I did get an cortisone shot in my hip though which has been bothering me for a while so today I’ve been resting all day long. I had planned to be home from work anyway today as I still had a little bit of headache left after yesterday’s migraine attack. It was the first time I got an cortisone shot in the hip and my only conclusion is that it has to be the worst place so far in regards to not being able to relax or rest in any comfortable position, doesn’t matter if I’m laying down, sitting or standing, everything hurts too bad. At least now the hip should be better within a few days so I’ll suffer through the uncomfortableness of it all.
Oh and the creepy part of the appointment you might wonder? Well… for most of the appointment he was looking at my chest more than my eyes. I’m so going to complain to the hospital about that and I refuse to meet him ever again. At my next appointment in 3 months I’m going to request another doctor if my regular rheumatologist isn’t back.

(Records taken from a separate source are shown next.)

Lemma log_sum_le (X : finType) (p q : X -> R) (S : pred X) :
  (forall x, 0 <= p x) -> (forall x, 0 <= q x) ->
  (forall x, p x != 0 -> q x != 0) ->
  (\sum_(x | S x) p x) * (ln (\sum_(x | S x) p x) - ln (\sum_(x | S x) q x))
  <= \sum_(x | (p x != 0) && S x) p x * ln (p x / q x).
Proof.
move=> p0 q0 supp; set a := \sum_(x | S x) p x; set b := \sum_(x | S x) q x.
have [a_eq0|a_gt0] := eqVneq a 0.
  rewrite a_eq0 mul0r big_pred0 // => x; apply/negbTE/negP => /andP[/eqP px Sx].
  exact/px/(psumr_eq0P (fun x _ => p0 x) a_eq0).
have {}a_gt0 : 0 < a by rewrite lt0r a_gt0 sumr_ge0.
have b_gt0 : 0 < b by apply: sum_gt0_support a_gt0.
have pointwise x : (p x != 0) && S x ->
    p x - q x * (a / b) <= p x * ln (p x / q x) - p x * (ln a - ln b).
  case/andP=> px _; have px_gt0 : 0 < p x by rewrite lt0r px p0.
  have qx_gt0 : 0 < q x by rewrite lt0r supp ?q0.
  rewrite -mulrBr -[ln a - ln b]ln_div ?posrE //.
  exact: subr_mul_le_mul_ln_div (divr_gt0 _ _).
have sum_q_le : \sum_(x | (p x != 0) && S x) q x <= b.
  rewrite /b [X in _ <= X](bigID (fun x => p x != 0)) /=.
  by rewrite (eq_bigl _ _ (fun x => andbC _ _)) lerDl sumr_ge0.
have -> : a * (ln a - ln b) = \sum_(x | (p x != 0) && S x) p x * (ln a - ln b).
  by rewrite -mulr_suml -sum_support.
rewrite -subr_ge0 -sumrB; apply: le_trans (ler_sum _ pointwise).
rewrite sumrB -!mulr_suml -sum_support -/a subr_ge0.
apply: le_trans (_ : b * (a / b) <= a); last by rewrite mulrC divfK ?gt_eqF.
by rewrite ler_wpM2r // divr_ge0 ?ltW.
Qed.

Lemma is_derive_ln1B (z : R) :
  z < 1 -> is_derive z 1 (fun x => ln (1 - x)) (- (1 - z)^-1).
Proof.
move=> z1; have dB : is_derive z 1 (fun x : R => 1 - x) (-1).
  by rewrite -[-1]sub0r; apply: is_deriveB.
have dln : is_derive (1 - z) 1 (@ln R) (1 - z)^-1.
  by apply: is_derive1_ln; rewrite subr_gt0.
by have := is_derive1_comp (g := fun x => 1 - x) dln dB; rewrite mulrN1.
Qed.

Definition pinsker_defect (a x : R) :=
  - (a * ln x) - (1 - a) * ln (1 - x) - 2 * (a - x) ^+ 2.

Lemma is_derive_pinsker_defect (a z : R) : 0 < z < 1 ->
  is_derive z 1 (pinsker_defect a) (- ((a - z) * (1 - 2 * z) ^+ 2 / (z * (1 - z)))).
Proof.
case/andP=> z0 z1.
have dln : is_derive z 1 (a *: @ln R) (a *: z^-1) by apply/is_deriveZ/is_derive1_ln.
have dln1B : is_derive z 1 ((1 - a) *: (fun x => ln (1 - x))) ((1 - a) *: - (1 - z)^-1).
  by apply/is_deriveZ/is_derive_ln1B.
have dsq : is_derive z 1 (2 *: (cst a - id) ^+ 2) (2 *: (2%:R * (a - z) ^+ 1 * (0 - 1))).
  by apply: is_deriveZ; apply: is_deriveX; apply: is_deriveB.
have := is_deriveB (is_deriveB (is_deriveN dln) dln1B) dsq.
rewrite /pinsker_defect => /is_derive_eq; apply.
have scaleE (u v : R) : u *: v = u * v by [].
rewrite !scaleE expr1; field; lra.
Qed.

Lemma pinsker_defect_le (a b : R) : 0 < b -> b <= a -> a <= 1 ->
  pinsker_defect a a <= pinsker_defect a b.
Proof.
move=> b0 ba a1.
have in01 x : x \in `]b, a[ -> 0 < x < 1.
  by rewrite in_itv /= => /andP[bx xa]; apply/andP; split; lra.
have derivable_in x : x \in `]b, a[ -> derivable (pinsker_defect a) x 1.
  by move=> /in01 /(is_derive_pinsker_defect a) D; apply: ex_derive.
have derive_le0 x : x \in `]b, a[ -> (pinsker_defect a)^`()%classic x <= 0.
  move=> /[dup] /in01 x01; rewrite in_itv /= => /andP[_ xa].
  have D := is_derive_pinsker_defect a x x01; rewrite derive1E derive_val.
  have /andP[x0 x1] := x01.
  by rewrite oppr_le0; apply: divr_ge0; apply: mulr_ge0; rewrite ?sqr_ge0 //; lra.
apply: (ler0_derive1_le_cc derivable_in derive_le0); rewrite ?in_itv /= ?lexx ?ba //.
apply: derivable_within_continuous => x; rewrite in_itv /= => /andP[bx xa].
have [a_lt1|a_ge1] := ltP a 1.
  have /(is_derive_pinsker_defect a) D : 0 < x < 1 by apply/andP; split; lra.
  exact: ex_derive.
(* At [a = 1] the term [ln (1 - x)], not derivable at [x = 1], has coefficient 0. *)
have -> : a = 1 by apply/le_anti; rewrite a1 a_ge1.
have -> : pinsker_defect 1 = - (@ln R) - (2 : R) *: ((cst 1 - id) ^+ 2 : R -> R).
  by apply/funext => y; rewrite /pinsker_defect subrr !mul0r subr0 mul1r.
have D : is_derive x 1 (@ln R) x^-1 by apply: is_derive1_ln; lra.
exact: ex_derive.
Qed.

Lemma binary_pinsker (a b : R) : 0 < b -> b <= a -> a <= 1 ->
  2 * (a - b) ^+ 2 <= a * (ln a - ln b) + (1 - a) * (ln (1 - a) - ln (1 - b)).
Proof.
move=> b0 ba a1; have := pinsker_defect_le a b b0 ba a1.
rewrite /pinsker_defect subrr expr0n /= mulr0 !mulrBr; lra.
Qed.

Lemma sum_predC_distr (X : finType) (p : X -> R) (S : pred X) : is_distr p ->
  \sum_(x | ~~ S x) p x = 1 - \sum_(x | S x) p x.
Proof. by case=> _ <-; rewrite [X in _ = X - _](bigID S) /= addrAC subrr add0r. Qed.

Lemma KL_event_le {X : finType} {p q : X -> R} (S : pred X) {k : R} :
  is_distr p -> is_distr q -> (KL p q <= k%:E)%E ->
  \sum_(x | S x) p x <= \sum_(x | S x) q x + Num.sqrt (k / 2).
Proof.
move=> pd qd; rewrite /KL; case: ifP => [/forallP supp|_]; last by rewrite leye_eq.
rewrite lee_fin => KL_le; have [p0 _] := pd; have [q0 _] := qd.
have {}supp x : p x != 0 -> q x != 0 by apply/implyP/supp.
set a := \sum_(x | S x) p x; set b := \sum_(x | S x) q x.
have [ab|ba] := leP a b; first by rewrite -[a]addr0 lerD ?sqrtr_ge0.
have b_gt0 : 0 < b by apply: sum_gt0_support (le_lt_trans (sumr_ge0 _ _) ba).
have a_le1 : a <= 1 by rewrite -subr_ge0 -sum_predC_distr // sumr_ge0.
have logsum_S := @log_sum_le X p q S p0 q0 supp.
have logsum_notS := @log_sum_le X p q (fun x => ~~ S x) p0 q0 supp.
rewrite -/a -/b in logsum_S; rewrite !sum_predC_distr // -/a -/b in logsum_notS.
have := binary_pinsker a b b_gt0 (ltW ba) a_le1.
rewrite (bigID S) /= in KL_le => pinsker_ab.
have sq_le : (a - b) ^+ 2 <= k / 2 by lra.
rewrite -lerBlDl -[a - b]ger0_norm ?subr_ge0 ?(ltW ba) // -sqrtr_sqr.
exact: ler_wsqrtr.
Qed.

End Pinsker.

Section Gibbs.
Context {R : realType}.

Lemma mul_expR_Ndiv_le (lam d m : R) : 0 < lam -> lam <= d -> d <= m ->
  m * expR (- m / lam) <= d * expR (- d / lam).
Proof.
move=> lam0 lam_d dm; set t := (m - d) / lam.
have t0 : 0 <= t by apply: divr_ge0; lra.
have m_le : m <= d * expR t.
  have mdE : m - d = t * lam by rewrite divfK ?gt_eqF.
  apply: le_trans (_ : d * (1 + t) <= _); last by rewrite ler_wpM2l ?expR_ge1Dx //; lra.
  nra.
have -> : - m / lam = - d / lam - t by rewrite /t; field; rewrite gt_eqF.
rewrite expRD expRN mulrA ler_pdivrMr ?expR_gt0 // mulrC.
by rewrite mulrAC [leLHS]mulrC ler_wpM2r ?expR_ge0.
Qed.

Context {X : finType} {C : {set X}} {f : X -> R}.

Lemma fmin_le (A : {set X}) x : x \in A -> fmin A f <= f x.
Proof.
move=> xA; rewrite /fmin; case: pickP => [x0 _|/(_ x)]; last by rewrite xA.
by rewrite (bigD1 x) //= ge_min lexx.
Qed.

Lemma fmin_mem (A : {set X}) : A != finset.set0 -> exists2 x, x \in A & fmin A f = f x.
Proof.
move=> /set0Pn[y yA]; rewrite /fmin; case: pickP => [x0 x0A|/(_ y)]; last by rewrite yA.
apply: (big_ind (fun v => exists2 x, x \in A & v = f x)); first by exists x0.
  move=> _ _ [x1 x1A ->] [x2 x2A ->].
  have [x12|/ltW x21] := leP (f x1) (f x2).
    by exists x1; rewrite ?min_l.
  by exists x2; rewrite ?min_r.
by move=> x xA; exists x.
Qed.

Hypothesis C_neq0 : C != finset.set0.

Lemma optset_neq0 : optset C f != finset.set0.
Proof.
have [x xC fx] := fmin_mem C C_neq0.
by apply/set0Pn; exists x; rewrite inE xC /fstar fx eqxx.
Qed.

Lemma gap_le x : x \in C -> x \notin optset C f -> fstar C f + gap C f <= f x.
Proof.
move=> xC xopt; rewrite /gap addrC subrK; apply: fmin_le.
by rewrite inE xC xopt.
Qed.

Context {lam : R}.
Hypothesis lam_gt0 : 0 < lam.

Lemma card_optset_le_partfun : #|optset C f|%:R <= partfun C f lam.
Proof.
rewrite /partfun (bigID (mem (optset C f))) /= -[leLHS]addr0 lerD ?sumr_ge0 //.
  rewrite (eq_bigl (mem (optset C f))) => [|x]; last first.
    by rewrite !inE andb_idl // => /andP[].
  rewrite (eq_bigr (fun=> 1)) => [|x]; first by rewrite sumr_const.
  by move=> /setIdP[_ /eqP ->]; rewrite subrr oppr0 mul0r expR0.
Qed.

Lemma partfun_gt0 : 0 < partfun C f lam.
Proof.
apply: lt_le_trans card_optset_le_partfun.
by rewrite ltr0n card_gt0 optset_neq0.
Qed.

Lemma gibbs_distr : is_distr (gibbs C f lam).
Proof.
have Z_gt0 := partfun_gt0; rewrite /gibbs; split=> [x|].
  by case: ifP => // _; rewrite divr_ge0 ?expR_ge0 ?ltW.
by rewrite -big_mkcond /= -mulr_suml mulfV ?gt_eqF.
Qed.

The month of February has so far been extremely ruff on me. The crippling tiredness that pops up every now and then with my illness hit me hard two weeks ago. I’m usually feeling more tired during this part of the year as my joint issues tend to be more active and thus the tiredness shows up. As I’ve felt pretty good though despite a problematic hip I didn’t think much about it until suddenly… boom… I can’t seem to sleep enough. Being woken up by the alarm clock in the morning is just so stressful. I’m in bed by 8 pm some evenings and I’m still so tired at 6 am the next morning that I barely can get out of bed. I force myself to do it of course and somehow I’m able to work my 8 hours a day. Some days I’m so tired I keep wondering where my brain cells are. 🙂 Luckily work keeps me awake and busy but once I get home I barely want to do anything. Best days of the week is undoubtedly Saturday and Sunday morning when I can sleep in. I can’t wait until this tiredness is gone. I seriously dislike the tiredness, in fact I much rather have pain in my joints.

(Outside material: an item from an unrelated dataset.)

(* (Weak progress for $\lambda_{\mathrm{act}}$ configurations.) Let $\cdot ; \cdot \vdash \mathcal{C}$, suppose $\mathcal{C}$ cannot reduce (there is no $\mathcal{C}'$ with $\mathcal{C}\longrightarrow\mathcal{C}'$), and let $\mathcal{C}' = (\nu a_1) \ldots (\nu a_n)(\langle a_1, M_1, \vec V_1\rangle \parallel \ldots \parallel \langle a_n, M_n, \vec V_n\rangle)$ be a canonical form of $\mathcal{C}$. Then each actor with name $a_i$ is either of the form $\langle a_i, \mathbf{return}\ W, \vec V_i\rangle$ for some value $W$, or of the form $\langle a_i, E[\mathbf{receive}], \epsilon\rangle$ for some evaluation context $E$.
   Context: The calculus $\lambda_{\mathrm{act}}$. Types $A,B,C ::= \mathbf{1} \mid A \xrightarrow{C} B \mid \mathsf{ActorRef}(A)$; $\alpha$ ranges over variables and names; values $V,W ::= \alpha \mid \lambda x.M \mid ()$; computations $M,N ::= V\,W \mid \mathbf{let}\ x \Leftarrow M\ \mathbf{in}\ N \mid \mathbf{return}\ V \mid \mathbf{spawn}\ M \mid \mathbf{send}\ V\ W \mid \mathbf{receive} \mid \mathbf{self}$. Value typing: $\Gamma\vdash\alpha:A$ if $\alpha:A\in\Gamma$; $\Gamma\vdash\lambda x.M:A\xrightarrow{C}B$ if $\Gamma,x:A\mid C\vdash M:B$; $\Gamma\vdash():\mathbf 1$. Computation typing $\Gamma\mid C\vdash M:A$: $V\,W:B$ if $\Gamma\vdash V:A\xrightarrow{C}B$, $\Gamma\vdash W:A$; $\Gamma\mid C\vdash\mathbf{let}\ x\Leftarrow M\ \mathbf{in}\ N:B$ if $\Gamma\mid C\vdash M:A$, $\Gamma,x:A\mid C\vdash N:B$; $\Gamma\mid C\vdash\mathbf{return}\ V:A$ if $\Gamma\vdash V:A$; $\Gamma\mid C\vdash\mathbf{send}\ V\ W:\mathbf 1$ if $\Gamma\vdash V:A$, $\Gamma\vdash W:\mathsf{ActorRef}(A)$; $\Gamma\mid A\vdash\mathbf{receive}:A$; $\Gamma\mid C\vdash\mathbf{spawn}\ M:\mathsf{ActorRef}(A)$ if $\Gamma\mid A\vdash M:\mathbf 1$; $\Gamma\mid A\vdash\mathbf{self}:\mathsf{ActorRef}(A)$. Evaluation contexts $E ::= [\,]\mid\mathbf{let}\ x\Leftarrow E\ \mathbf{in}\ M$; term reduction: $(\lambda x.M)V\longrightarrow_{\mathsf{M}} M\{V/x\}$, $\mathbf{let}\ x\Leftarrow\mathbf{return}\ V\ \mathbf{in}\ M\longrightarrow_{\mathsf{M}} M\{V/x\}$, $E[M]\longrightarrow_{\mathsf{M}}E[M']$ if $M\longrightarrow_{\mathsf{M}}M'$. Configurations $\mathcal{C},\mathcal{D} ::= \mathcal{C}\parallel\mathcal{D}\mid(\nu a)\mathcal{C}\mid\langle a,M,\vec V\rangle$ (actor named $a$ evaluating $M$ with mailbox $\vec V$; $\epsilon$ empty). Configuration contexts $G ::= [\,]\mid G\parallel\mathcal{C}\mid(\nu a)G$. Configuration typing: (Par) $\Gamma;\Delta_1\vdash\mathcal{C}_1$, $\Gamma;\Delta_2\vdash\mathcal{C}_2$ give $\Gamma;\Delta_1,\Delta_2\vdash\mathcal{C}_1\parallel\mathcal{C}_2$; (Pid) $\Gamma,a:\mathsf{ActorRef}(A);\Delta,a:A\vdash\mathcal{C}$ gives $\Gamma;\Delta\vdash(\nu a)\mathcal{C}$; (Actor) $\Gamma,a:\mathsf{ActorRef}(A)\mid A\vdash M:\mathbf 1$ and $\Gamma,a:\mathsf{ActorRef}(A)\vdash V_i:A$ for all $i$ give $\Gamma,a:\mathsf{ActorRef}(A);a:A\vdash\langle a,M,\vec V\rangle$. Structural congruence $\equiv$: least congruence closed under $G[-]$ with commutativity/associativity of $\parallel$ and $\mathcal{C}\parallel(\nu a)\mathcal{D}\equiv(\nu a)(\mathcal{C}\parallel\mathcal{D})$ if $a\notin\mathsf{fv}(\mathcal{C})$. Reduction $\longrightarrow$ (modulo $\equiv$): $\langle a,E[\mathbf{spawn}\ M],\vec V\rangle\longrightarrow(\nu b)(\langle a,E[\mathbf{return}\ b],\vec V\rangle\parallel\langle b,M,\epsilon\rangle)$, $b$ fresh; $\langle a,E[\mathbf{send}\ V'\ b],\vec V\rangle\parallel\langle b,M,\vec W\rangle\longrightarrow\langle a,E[\mathbf{return}\ ()],\vec V\rangle\parallel\langle b,M,\vec W\cdot V'\rangle$; $\langle a,E[\mathbf{send}\ V'\ a],\vec V\rangle\longrightarrow\langle a,E[\mathbf{return}\ ()],\vec V\cdot V'\rangle$; $\langle a,E[\mathbf{self}],\vec V\rangle\longrightarrow\langle a,E[\mathbf{return}\ a],\vec V\rangle$; $\langle a,E[\mathbf{receive}],W\cdot\vec V\rangle\longrightarrow\langle a,E[\mathbf{return}\ W],\vec V\rangle$; $G[\mathcal{C}_1]\longrightarrow G[\mathcal{C}_2]$ if $\mathcal{C}_1\longrightarrow\mathcal{C}_2$; $\langle a,M_1,\vec V\rangle\longrightarrow\langle a,M_2,\vec V\rangle$ if $M_1\longrightarrow_{\mathsf{M}}M_2$. A canonical form of $\mathcal{C}$ is a configuration $\mathcal{C}'\equiv\mathcal{C}$ of the form $(\nu a_1) \ldots (\nu a_n)(\langle a_1, M_1, \vec V_1\rangle \parallel \ldots \parallel \langle a_n, M_n, \vec V_n\rangle)$. *)

From Stdlib Require Import Arith List Permutation.
Import ListNotations.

To make matter worse my eye inflammation is back despite me being on the preventative cortisone eye drops for a month now. When I went to the ophthalmologists (fancier word for eye doctor 🙂 ) a few days ago I was told to call the hospital and have a talk about my medication with my rheumatologist. My regular rheumatologist is off duty until I don’t know when but I got an appointment with another doctor in two weeks. I’m really not looking forward to start talking medications again. I’ve felt so good for so long with the medications I have now and there are certain drugs (read methotrexate) I wish I didn’t have to think about taking again. I’ve been without it for 1,5 years now and I’ve felt so good. I seriously hope the doctor comes up with another solution.
Now I’m off to bed soon at the time is just barely 6.30 pm. I need to be at the airport at 5 am tomorrow morning so that means my alarm clock rings at 3.30 am. Yikes! I’m going to be so tired tomorrow! Luckily I have 2 hours I can sleep on the airplane. I’m going to Germany on a business trip for a few days.